Alors qu'elle laisse son esprit divaguer, réalisant qu'il reste moins d'une semaine avant que décembre ne s'installe, et donc quinze jours jusqu'à son seizième anniversaire, elle avise du coin de l'œil, la porte s'ouvrir.
D'un mouvement rapide, elle tend la main et la seconde qui suit, la petite boule de plumes multicolores qui volette librement dans la pièce vient s'y loger.
— Tu le fais encore voler ? s'étonne Caleb qui referme derrière lui et s'approche. Ça t'épuise pas trop ?
Rassurée qu'il ne s'agisse ni de sa grand-mère, ni de Venacio, elle relâche l'artefact qui, aussitôt, reprend son envol et son exploration de la bibliothèque.
— Je fais rien, là, il vole de lui-même.
— C'est chelou.
Elle ramène ses jambes contre elle et Caleb se laisse tomber à ses côtés. Ses paupières tombantes et le bâillement qui accompagne sa remarque laissent peu de doute quant à l'endroit où il aimerait se trouver en cet instant.

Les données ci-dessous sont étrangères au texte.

(* [N_vw] is strictly block lower triangular, so a fixed point of
   [v |-> v *m (N_vw *m D)^T] vanishes block by block, from the first block on. *)
Lemma unitmx_1B_N_vw_diag (delta : 'rV[R]_(nphi l d)) :
  (1%:M - N_vw l W *m diag_mx delta) \in unitmx.
Proof.
rewrite -unitmx_tr -row_free_unit; apply: inj_row_free => v.
set C := N_vw l W *m diag_mx delta => vC0.
have v_fix : v^T = C *m v^T.
  move/(congr1 trmx): vC0; rewrite trmx_mul trmxK trmx0 mulmxBl mul1mx.
  by move/eqP; rewrite subr_eq0 => /eqP.
suff v0 t (k : 'I_(nphi l d)) : (sig1 k < t)%N -> v^T k 0 = 0.
  by apply: trmx_inj; apply/matrixP => k j; rewrite ord1 (v0 (sig1 k).+1) ?mxE.
elim: t k => [//|t IHt] k kt; rewrite v_fix mxE big1 // => k' _.
rewrite /C mul_mx_diag mxE; have [kk'|kk'] := eqVneq (sig1 k : nat) (sig1 k').+1.
  by rewrite IHt ?mulr0 // -ltnS -kk'.
by rewrite N_vw_eq0 // !mul0r.
Qed.

End StrictlyLowerTriangular.

Lemma loop_transformation (R : comUnitRingType) p q r (Nux : 'M[R]_(r, p))
    (Nuw : 'M[R]_(r, q)) (Nvx : 'M[R]_(q, p)) (Nvw Dc Dr : 'M[R]_q)
    (x : 'cV[R]_p) (z w v : 'cV[R]_q) (u : 'cV[R]_r) :
  (1%:M - Nvw *m Dc) \in unitmx ->
  u = Nux *m x + Nuw *m w -> v = Nvx *m x + Nvw *m w -> w = Dc *m v + Dr *m z ->
  let Ninv := invmx (1%:M - Nvw *m Dc) in
  v = Ninv *m Nvx *m x + Ninv *m (Nvw *m Dr) *m z /\
  u = (Nux + Nuw *m Dc *m Ninv *m Nvx) *m x
      + (Nuw *m Dr + Nuw *m Dc *m Ninv *m (Nvw *m Dr)) *m z.
Proof.
move=> unit_IC -> vE wE Ninv.
have IC_v : (1%:M - Nvw *m Dc) *m v = Nvx *m x + Nvw *m Dr *m z.
  by rewrite mulmxBl mul1mx {1}vE wE mulmxDr !mulmxA addrCA addrAC subrr add0r.
have {}vE : v = Ninv *m Nvx *m x + Ninv *m (Nvw *m Dr) *m z.
  by rewrite -[v](mulKmx unit_IC) IC_v mulmxDr !mulmxA.
split=> //; rewrite wE vE !mulmxDr !mulmxDl !mulmxA.
by rewrite [in RHS](addrC (Nuw *m Dr *m z)) !addrA.
Qed.

Lemma sector_decomposition (R : realFieldType) (a b nu y : R) :
  a <= b -> 0 <= (y - a * nu) * (b * nu - y) ->
  exists2 zeta, y = (a + b) / 2 * nu + (b - a) / 2 * zeta & zeta ^+ 2 <= nu ^+ 2.
Proof.
move=> ab sector; have [ba|ba] := eqVneq a b.
  exists 0; last by rewrite expr0n sqr_ge0.
  move: sector; rewrite -ba => sector.
  have : (y - a * nu) ^+ 2 == 0 by rewrite eq_le sqr_ge0 andbT; nra.
  by rewrite sqrf_eq0 subr_eq0 => /eqP ->; field.
have r_gt0 : 0 < (b - a) / 2 by rewrite divr_gt0 // subr_gt0 lt_def eq_sym ba.
exists ((y - (a + b) / 2 * nu) / ((b - a) / 2)).
  by rewrite [(b - a) / 2 * _]mulrC divfK ?gt_eqF // addrC subrK.
have : (y - a * nu) * (b * nu - y) =
    ((b - a) / 2) ^+ 2 * (nu ^+ 2 - ((y - (a + b) / 2 * nu) / ((b - a) / 2)) ^+ 2).
  by field; rewrite subr_eq0 eq_sym.
by move=> E; move: sector; rewrite E pmulr_rge0 ?exprn_gt0 // subr_ge0.
Qed.

Lemma sector_loop_transform (R : realFieldType) n (phi : R -> R)
    (alpha beta v : 'cV[R]_n) :
  (forall k, alpha k 0 <= beta k 0) ->
  (forall k, 0 <= (phi (v k 0) - alpha k 0 * v k 0) * (beta k 0 * v k 0 - phi (v k 0))) ->
  exists2 z : 'cV[R]_n,
    map_mx phi v = 2^-1 *: (diag_mx alpha^T + diag_mx beta^T) *m v
                   + 2^-1 *: (diag_mx beta^T - diag_mx alpha^T) *m z
    & forall k, z k 0 ^+ 2 <= v k 0 ^+ 2.
Proof.
move=> ab sector.
have [zeta phiE zeta_le] :=
  fin_all_exists2 (fun k => sector_decomposition (ab k) (sector k)).
exists (\col_k zeta k); last by move=> k; rewrite mxE.
rewrite -raddfD -raddfB -!linearZ /= !mul_diag_mx; apply/matrixP => k j.
by rewrite ord1 !mxE phiE !(mulrC 2^-1).
Qed.

Section LyapunovInequality.
Variable R : realDomainType.

Lemma qf_diag_le n (lambda : 'rV[R]_n) (z v : 'cV[R]_n) :
  (forall k, 0 <= lambda 0 k) -> (forall k, z k 0 ^+ 2 <= v k 0 ^+ 2) ->
  qf (diag_mx lambda) z <= qf (diag_mx lambda) v.
Proof.
by move=> lambda_ge0 zv; rewrite !qf_diag; apply: ler_sum => k _; exact: ler_wpM2l.
Qed.

Lemma qf_lmi_decrease p q r (A : 'M[R]_p) (B : 'M[R]_(p, r)) (P : 'M[R]_p)
    (Lam : 'M[R]_q) (RV : 'M[R]_(p + r, p + q)) (Rphi : 'M[R]_(q + q, p + q))
    e x z (u : 'cV[R]_r) v :
  (forall y, qf (RV^T *m block_mx (A^T *m P *m A - P) (A^T *m P *m B)
                                  (B^T *m P *m A) (B^T *m P *m B) *m RV
                 + Rphi^T *m block_mx Lam 0 0 (- Lam) *m Rphi) y
             <= - (e * `|y| ^+ 2)) ->
  0 <= e -> RV *m col_mx x z = col_mx x u -> Rphi *m col_mx x z = col_mx v z ->
  qf Lam z <= qf Lam v ->
  qf P (A *m x + B *m u) <= qf P x - e * `|x| ^+ 2.
Proof.
move=> lmi e_ge0 RV_xz Rphi_xz Lam_zv; have := lmi (col_mx x z).
rewrite qfD !qf_mulmx RV_xz Rphi_xz qf_lyapunov_block qf_block_diag qfN.
have : e * `|x| ^+ 2 <= e * `|col_mx x z| ^+ 2.
  by rewrite ler_wpM2l // ler_pXn2r ?nnegrE // normr_col_mx_ge.
lra.
Qed.

End LyapunovInequality.

Lemma psd_block_row_bound (R : realType) n (r : 'rV[R]_n) (P : 'M[R]_n) h x :
  psd (block_mx (h ^+ 2)%:M r r^T P) -> 0 <= h -> qf P x <= 1 ->
  - h <= (r *m x) 0 0 <= h.
Proof.
case=> _ psdM h_ge0 Vx; set s := (r *m x) 0 0.
have qf_1 : qf ((h ^+ 2)%:M : 'M[R]_1) 1 = h ^+ 2.
  by rewrite /qf trmx1 mul1mx mulmx1 mxE eqxx mulr1n.
have cross : ((1 : 'M[R]_1)^T *m r *m (- s *: x)) 0 0 = - s * s.
  by rewrite trmx1 mul1mx -scalemxAr mxE.
(* At (1, -s x) the form is h^2 - 2 s^2 + s^2 x^T P x, and x^T P x <= 1. *)
have := psdM (col_mx 1 (- s *: x)); rewrite -/(qf _ _) qf_block qfZ qf_1 cross => Q.
have s2 : s ^+ 2 <= h ^+ 2 by nra.
by apply/andP; split; nra.
Qed.

Unset Implicit Arguments. Set Strict Implicit.

Theorem lemma2 (R : realType) (l : nat) (d : nat -> nat)
  (W : forall i : nat, 'M[R]_(d i.+1, d i)) (varphi : R -> R)
  (AG : 'M[R]_(d 0)) (BG : 'M[R]_(d 0, d l.+1))
  (nX : nat) (H : 'M[R]_(nX, d 0)) (h : 'cV[R]_nX)
  (vlo vhi alpha beta lambda : 'cV[R]_(nphi l d)) (P : 'M[R]_(d 0)) :
  (0 < l)%N ->
  varphi 0 = 0 ->
  (forall i, 0 <= h i 0) ->
  let X := [set x : 'cV[R]_(d 0) | forall i, - h i 0 <= (H *m x) i 0 <= h i 0] in
  (forall k, vlo k 0 <= vhi k 0) ->
  (forall x, X x -> forall k, vlo k 0 <= vphi l W varphi x k 0 <= vhi k 0) ->
  (forall k, alpha k 0 <= beta k 0) ->
  (forall k (nu : R), vlo k 0 <= nu <= vhi k 0 ->
     0 <= (varphi nu - alpha k 0 * nu) * (beta k 0 * nu - varphi nu)) ->
  let Aphi := diag_mx alpha^T in
  let Bphi := diag_mx beta^T in
  let C1 := N_uw l W *m (2^-1 *: (Bphi - Aphi)) in
  let C2 := N_uw l W *m (2^-1 *: (Aphi + Bphi)) in
  let C3 := N_vw l W *m (2^-1 *: (Bphi - Aphi)) in
  let C4 := N_vw l W *m (2^-1 *: (Aphi + Bphi)) in
  let Ninv := invmx (1%:M - C4) in
  let Nt_ux := N_ux R l d + C2 *m Ninv *m N_vx l W in
  let Nt_uz := C1 + C2 *m Ninv *m C3 in
  let Nt_vx := Ninv *m N_vx l W in
  let Nt_vz := Ninv *m C3 in
  let Rt_V : 'M[R]_(d 0 + d l.+1, d 0 + nphi l d) := block_mx 1%:M 0 Nt_ux Nt_uz in
  let Rt_phi : 'M[R]_(nphi l d + nphi l d, d 0 + nphi l d) :=
    block_mx Nt_vx Nt_vz 0 1%:M in
  let Lam := diag_mx lambda^T in
  posdef P ->
  (forall k, 0 <= lambda k 0) ->
  negdef (Rt_V^T *m block_mx (AG^T *m P *m AG - P) (AG^T *m P *m BG)
                             (BG^T *m P *m AG) (BG^T *m P *m BG) *m Rt_V
          + Rt_phi^T *m block_mx Lam 0 0 (- Lam) *m Rt_phi) ->
  (forall i : 'I_nX,
     psd (block_mx ((h i 0 ^+ 2)%:M : 'M[R]_1) (row i H) (row i H)^T P)) ->
  loc_asympt_stable (closed_loop W varphi AG BG) /\
  (forall x0 : 'cV[R]_(d 0), (x0^T *m P *m x0) 0 0 <= 1 ->
     X x0 /\ (fun k => chi W varphi AG BG k x0) @ \oo --> (0 : 'cV[R]_(d 0))).
Proof.
move=> l_gt0 phi0 h_ge0 X _ v_in alpha_le_beta sector Aphi Bphi C1 C2 C3 C4 Ninv
  Nt_ux Nt_uz Nt_vx Nt_vz Rt_V Rt_phi Lam Ppos lambda_ge0 lmi ellipsoid_lmi.
have [e e_gt0 lmi_e] := negdef_le_normr2 lmi.
have ellipsoid_sub_X x : qf P x <= 1 -> X x.
  move=> Vx i; have := psd_block_row_bound (ellipsoid_lmi i) (h_ge0 i) Vx.
  by rewrite -row_mul mxE.
have decrease x : qf P x <= 1 ->
    qf P (closed_loop W varphi AG BG x) <= qf P x - e * `|x| ^+ 2.
  move=> /ellipsoid_sub_X /v_in v_range.
  have [z w_eq z_le] :=
    sector_loop_transform alpha_le_beta (fun k => sector k _ (v_range k)).
  have unit_IC : (1%:M - C4) \in unitmx.
    by rewrite /C4 /Aphi /Bphi -raddfD -linearZ unitmx_1B_N_vw_diag.
  have [vE uE] := loop_transformation unit_IC (nncontrol_N W varphi x l_gt0)
    (vphi_N l W varphi x) (etrans (wphiE l W varphi x) w_eq).
  apply: (qf_lmi_decrease lmi_e (ltW e_gt0) _ _ (qf_diag_le _ z_le)).
  - by rewrite mul_block_col mul1mx mul0mx addr0 uE.
  - by rewrite mul_block_col mul0mx add0r mul1mx vE.
  - by move=> k; rewrite mxE.
have [stable attract] := qf_lyapunov Ppos e_gt0 (closed_loop0 W AG BG phi0) decrease.
by split=> // x0 Vx0; split; [exact: ellipsoid_sub_X | exact: attract].
Qed.
(* Let $\varphi,\varphi_0:\mathbb{R}^d\to\mathbb{R}$, $p$ a positive integer, $w\in\mathbb{R}^d$, and $\hat\varphi_p(x;w):=\sum_{i=0}^p\frac1{i!}\nabla^i\varphi(w)[x-w]^{\otimes i}$. Suppose $\nabla^p\varphi$ is Lipschitz, $x_\varphi\in\arg\min_x\varphi(x)+\varphi_0(x)$, and $$x_{\hat\varphi_p}\in\arg\min_x\hat\varphi_p(x;w)+\frac{\mathrm{Lip}(\nabla^p\varphi)}{(p+1)!}\|x-w\|_2^{p+1}+\varphi_0(x).$$ If $\hat\varphi_p(\cdot;w)+\frac{\mathrm{Lip}(\nabla^p\varphi)}{(p+1)!}\|\cdot-w\|_2^{p+1}+\varphi_0$ has $\nu(r)=\mu r^q$ gradient growth for some $\mu>0$ and $q>0$, then $$\|x_\varphi-x_{\hat\varphi_p}\|_2^{q-1}\le\frac{2\,\mathrm{Lip}(\nabla^p\varphi)}{\mu}\frac1{p!}\|x_\varphi-w\|_2^p.$$
   Context: For a matrix or tensor $H$, $\|H\|_{op}:=\sup_{v\ne0}\|H[v]\|_{op}/\|v\|_2$ (with $\|v\|_{op}=\|v\|_2$ for vectors), and $\mathrm{Lip}(f):=\sup_{x\ne y}\|f(x)-f(y)\|_{op}/\|x-y\|_2$. A function $\psi$ has $\nu$ gradient growth if it is subdifferentiable and $\nu(\|x-y\|_2)\le\langle y-x,u-v\rangle$ for all $x,y\in\mathbb{R}^d$ and all $u\in\partial\psi(y)$, $v\in\partial\psi(x)$. *)

From HB Require Import structures.
From mathcomp Require Import all_boot all_order all_algebra.
From mathcomp Require Import all_classical all_reals all_analysis.
Set Implicit Arguments. Unset Strict Implicit. Unset Printing Implicit Defensive.
Import Order.TTheory GRing.Theory Num.Theory.
Import numFieldNormedType.Exports.
Local Open Scope classical_set_scope.
Local Open Scope ring_scope.

Section Defs.
Variables (R : realType) (d : nat).
Notation V := 'rV[R]_d.

Definition dot (u v : V) : R := \sum_(i < d) u ord0 i * v ord0 i.
Definition norm2 (v : V) : R := Num.sqrt (dot v v).

(* k-th derivative of f at x applied to the directions vs = [v1; ...; vk]:
   nabla^k f(x)[v1,...,vk], defined by iterated directional derivatives. *)
Fixpoint Dk (k : nat) (f : V -> R) : V -> seq V -> R :=
  match k with
  | 0 => fun x _ => f x
  | k'.+1 => fun x vs => 'D_(head 0 vs) (fun y => Dk k' f y (behead vs)) x
  end.

(* Operator norm of a k-tensor T (as a k-linear form):
   sup of |T[v1,...,vk]| over vectors of Euclidean norm <= 1
   (this is what the recursive definition ||H||_op = sup ||H[v]||_op/||v||,
    with ||v||_op = ||v||_2, unfolds to). *)
Definition opnorm (k : nat) (T : seq V -> R) : R :=
  sup [set `|T vs| | vs in [set vs : seq V | size vs = k /\
                                     forall v, v \in vs -> norm2 v <= 1]].

Definition LipD (p : nat) (f : V -> R) : R :=
  sup [set r | exists x y : V, x != y /\
         r = opnorm p (fun vs => Dk p f x vs - Dk p f y vs) / norm2 (x - y)].

Definition taylor (p : nat) (f : V -> R) (w x : V) : R :=
  \sum_(i < p.+1) (i`!%:R)^-1 * Dk i f w (nseq i (x - w)).

Definition subdiff (psi : V -> R) (x : V) : set V :=
  [set u | forall y, psi x + dot u (y - x) <= psi y].

Definition subdifferentiable (psi : V -> R) : Prop :=
  forall x, exists u, subdiff psi x u.

Definition gradient_growth (nu : R -> R) (psi : V -> R) : Prop :=
  subdifferentiable psi /\
  forall x y u v, subdiff psi y u -> subdiff psi x v ->
    nu (norm2 (x - y)) <= dot (y - x) (u - v).

End Defs.

From HB Require Import structures.
From mathcomp Require Import all_boot all_order all_algebra.
From mathcomp Require Import all_classical all_reals all_analysis.
From mathcomp Require Import ring lra.
Set Implicit Arguments. Unset Strict Implicit. Unset Printing Implicit Defensive.
Import Order.TTheory GRing.Theory Num.Theory.
Import numFieldNormedType.Exports.
Local Open Scope classical_set_scope.
Local Open Scope ring_scope.

(* Let psi be the regularized model [taylor_model] and e = xphi - xhat. Since xhat
   minimizes psi, 0 is a subgradient of psi at xhat. For 0 < t < 1 let u be a
   subgradient at x_t = xphi - t e: gradient growth between xhat and x_t gives
   mu |e|^q (1 - t)^(q-1) <= <e, u>, and the subgradient inequality at x_t gives
   t <e, u> <= psi xphi - psi x_t. Because xphi minimizes phi + phi0, this gap is
   bounded by the variation of the Taylor error phi - taylor plus that of the
   regularizer; on the ball of radius rho around w the former is Lipschitz with
   constant Lip rho^p / p! (Taylor's formula along segments, applied to the p-th
   derivative), so the gap is at most 2 Lip t |e| (|xphi - w| + t |e|)^p / p!. Dividing by t and letting t -> 0
   gives mu |e|^q <= 2 Lip |e| |xphi - w|^p / p!, and dividing by |e| concludes.
   When e = 0 the exponent q - 1 must be nonzero: gradient growth mu r is
   impossible, as the subgradient slope along a line would jump by mu everywhere. *)

Lemma natr_fact_neq0 (R : numDomainType) n : n`!%:R != 0 :> R.
Proof. by rewrite pnatr_eq0 -lt0n fact_gt0. Qed.

Section Euclidean.
Variables (R : realType) (d : nat).
Local Notation V := 'rV[R]_d.

Lemma dotC (u v : V) : dot u v = dot v u.
Proof. by apply: eq_bigr => i _; rewrite mulrC. Qed.

Lemma dotDr (u v w : V) : dot u (v + w) = dot u v + dot u w.
Proof. by rewrite /dot -big_split; apply: eq_bigr => i _; rewrite !mxE mulrDr. Qed.

Lemma dotZr (a : R) (u v : V) : dot u (a *: v) = a * dot u v.
Proof. by rewrite /dot mulr_sumr; apply: eq_bigr => i _; rewrite !mxE mulrCA. Qed.

Lemma dotBr (u v w : V) : dot u (v - w) = dot u v - dot u w.
Proof. by rewrite dotDr -scaleN1r dotZr mulN1r. Qed.

Lemma dotDl (u v w : V) : dot (v + w) u = dot v u + dot w u.
Proof. by rewrite dotC dotDr !(dotC u). Qed.

Lemma dotZl (a : R) (u v : V) : dot (a *: v) u = a * dot v u.
Proof. by rewrite dotC dotZr dotC. Qed.

Lemma dotBl (u v w : V) : dot (v - w) u = dot v u - dot w u.
Proof. by rewrite dotC dotBr !(dotC u). Qed.

Lemma dot0l (u : V) : dot 0 u = 0.
Proof. by rewrite -(scale0r 0) dotZl mul0r. Qed.

Lemma dotvv_ge0 (v : V) : 0 <= dot v v.
Proof. by apply: sumr_ge0 => i _; rewrite -expr2 sqr_ge0. Qed.

Lemma dotvv_eq0 (v : V) : dot v v = 0 -> v = 0.
Proof.
move=> v0; apply/rowP => i; rewrite mxE.
have /eqP : v ord0 i * v ord0 i = 0.
  by apply: (psumr_eq0P _ v0) => // j _; rewrite -expr2 sqr_ge0.
by rewrite mulf_eq0 orbb => /eqP.
Qed.

Lemma norm2_ge0 (v : V) : 0 <= norm2 v.
Proof. exact: sqrtr_ge0. Qed.

Lemma norm2_sqr (v : V) : norm2 v ^+ 2 = dot v v.
Proof. by rewrite /norm2 sqr_sqrtr // dotvv_ge0. Qed.

Lemma norm20 : norm2 (0 : V) = 0.
Proof. by rewrite /norm2 dot0l sqrtr0. Qed.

— Un peu, acquiesce-t-elle. Mais il nous a donné la magie, il peut pas être néfaste.
— Sans doute.
Tapotant son ventre, elle l'invite à se mettre à l'aise, ce que le garçon fait en s'installant entre ses jambes pour y poser la tête. Il ricane en pensant à Ilias qui donnerait tout pour être à sa place. Il a beau l'avoir détrompé quand à la relation qu'il s'imaginait y avoir entre eux, Caleb a bien conscience que s'il les surprenait dans cette position, il penserait avoir été dupé.
Relevant la tête et appuyant son menton dans l'estomac d'Anthéa, il oublie pourtant Ilias aussitôt. Car c'est un tout autre sujet qui l'amène. Un sujet qui l'inquiète bien plus.
— Tu trouves pas que Venacio est redevenu comme à son arrivée, l'interroge-t-il sans préambule.
— Qu'est-ce que tu veux dire ?
— Ben, il ne sort plus du labo que pour répondre à quelques questions tous les deux-trois jours. Puis il a arrêté de nous faire faire des expériences. Moi qui commençais à trouver la science sympa... Je m'inquiète un peu pour lui, en fait.
— Attends, quoi ? Mais j'étais pas au courant ! Je pensais que c'était moi qu'il évitait, mais pas vous !
D'un mouvement brusque, Anthéa se redresse, atterrée. Ça bouscule Caleb, qui geint quand ses dents se referment un peu trop fort sur le bout de sa langue.
— Pourquoi il t'éviterait ? marmonne-t-il après s'être mis à genoux sur le fauteuil, en se massant la mâchoire.
— Parce que je le collais vraiment beaucoup depuis son arrivée. J'avais décidé de le laisser un peu respirer puisqu'il s'ouvrait à vous, et puis j'étais un peu occupée, aussi... Mais tu me dis que c'est plus le cas ? Il s'est ré-isolé ? C'est pas normal.
Parfaitement réveillée et tout aussi remontée, Anthéa bondit hors du divan et se dirige vers la porte avant de s'arrêter brutalement et de faire demi-tour.
— Il est tard, concède-t-elle. J'irais lui parler demain.
Car si elle ne le harcèle plus comme les premiers jours, elle a tout de même remarqué son visage épuisé et sa démarche traînante les rares fois où elle l'a croisé. Le jour de l'incident, par exemple. Inutile, donc, de le réveiller s'il est parvenu à s'endormir.
— En fait, quand je suis arrivé, il y avait de la lumière sous la porte du labo.
Les deux amis échangent un regard et il n'en faut pas plus pour qu'ils se précipitent dans le couloir et viennent frapper à la porte fermée à clef. Au prix d'un gros effort, Anthéa se retient pour ne pas tambouriner jusqu'à ce que l'homme ne daigne venir leur ouvrir. Si elle réveille tout le monde, ça n'arrangera rien.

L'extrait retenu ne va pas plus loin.